Do you have user research or data analysis to support your design decisions?

Qualitative or quantitative research results can be a good way of explaining your design decisions, why it was the problem in the first place, and presenting the results.

Have you tested different hypotheses?

A hypothesis helps you to prove or disprove the assumption. They are either proven or disproven using research and experiments. Usually, it helps find the fittest solution and explains your thought process during the interview.

Can you state a user problem in one sentence?

Designers often fail to communicate the problem statement of the user or business clearly. If you can reduce the statement to one simple sentence without extra complications or explanations, then you've got it. If you have a lot of explaining to do, you probably lack a simple problem statement.

Have your designs improved relevant product metrics?

E.g., you intended to boost the metrics, and your design was the driving force of the team’s success. If you performed A/B testing, let that data support your story. Presenting this data will help you answer the question, "How did we know if we solved the problem?"

Were there any measurable improvements in the user experience?

If you measured user satisfaction: the usability index, error rates, the speed of solving the problem (from the user’s perspective), or even the net promoter score or lifetime value. Usually, they are measured before and after the implementation. Knowing these measures will help you to answer the question, “How did we know if the problem was solved?”

Can you clearly explain your individual contribution?

Since you are filling in this questionnaire honestly, tick this box if you are 100% confident that the team wouldn’t have done this project without you.

It is essential to highlight your input because much success comes from teamwork, and some candidates hide behind other people’s achievements.

Do you have an example of cross-functional collaboration on this project?

Also known as XFN.

How you solved problems and came up with solutions with teammates or people from other departments (e.g., the development team, marketing, research, data scientists, support).

Extra points if you have designed for multiple platforms:

  • Your designs were made for native mobile platforms (iOS, Android, etc.).

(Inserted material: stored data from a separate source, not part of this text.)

Lemma equid_level0 (T : finType) (X : {set T}) (g : T -> F) :
  (forall t, #|[set x in X | g x == t]| = #|[set x in X | g x == 0]|) ->
  equidistributed X g.
Proof.
move=> level_eq t; rewrite level_eq.
have -> : #|X| = (\sum_(s : F) #|[set x in X | g x == s]|)%N.
  under eq_bigr do rewrite card_setI_sum.
  rewrite exchange_big /= -sum1_card; apply: eq_bigr => x _.
  by rewrite (bigD1 (g x)) //= eqxx big1 // => s; rewrite eq_sym => /negbTE ->.
by rewrite (eq_bigr _ (fun s _ => level_eq s)) sum_nat_const cardT -cardE.
Qed.

Lemma equid_card_nz (T : finType) (X : {set T}) (g : T -> F) : equidistributed X g ->
  (q * #|[set x in X | g x != 0%R]| = (q - 1) * #|X|)%N.
Proof.
move=> eqd; have card_split : #|X| = (#|[set x in X | g x == 0%R]| + #|[set x in X | g x != 0%R]|)%N.
  by rewrite !card_setI_sum -big_split -sum1_card; apply: eq_bigr => x _; case: eqP.
by rewrite mulnBl mul1n -{2}(eqd 0) {1}card_split mulnDr addKn.
Qed.

Lemma equid_setXl (T1 T2 : finType) (X : {set T1}) (Z : {set T2}) (g : T1 -> F) (h : T2 -> F) :
  equidistributed X g -> equidistributed (setX X Z) (fun s => g s.1 + h s.2).
Proof.
move=> eqd t; rewrite (card_setX_sumr X Z (fun x z => g x + h z == t)) big_distrr /=.
rewrite cardsX mulnC -sum_nat_const; apply: eq_bigr => z _; rewrite -(eqd (t - h z)).
by congr (_ * _)%N; apply: eq_card => x; rewrite !inE -[in RHS](inj_eq (addIr (h z))) subrK.
Qed.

It can be mobile-only or a cross-platform solution, including wearables (mostly watches).
  • You designed a desktop app with GUI—macOS, Windows, and Linux. E.g. browser, media player, etc.
  • You designed a web app (something users can interact with inside a browser). Usually, exclude landing pages and static websites.
  • You have examples of VR or AR for mobile apps, glasses, etc.

Do you have a prototype that you can use during the presentation?

Having a prototype in your possession, preferably one you can share on your website, might help you build a portfolio or explain your design process or problem solution during the portfolio presentation.

Do you have a reason to be proud of your work on this project?

Answer "yes" if you are really proud of your input for some professional reason: significant improvements, implementation speed, craftsmanship, XFN, 3D, visualizations, or awards.

Have you participated in quality assurance testing of the final product?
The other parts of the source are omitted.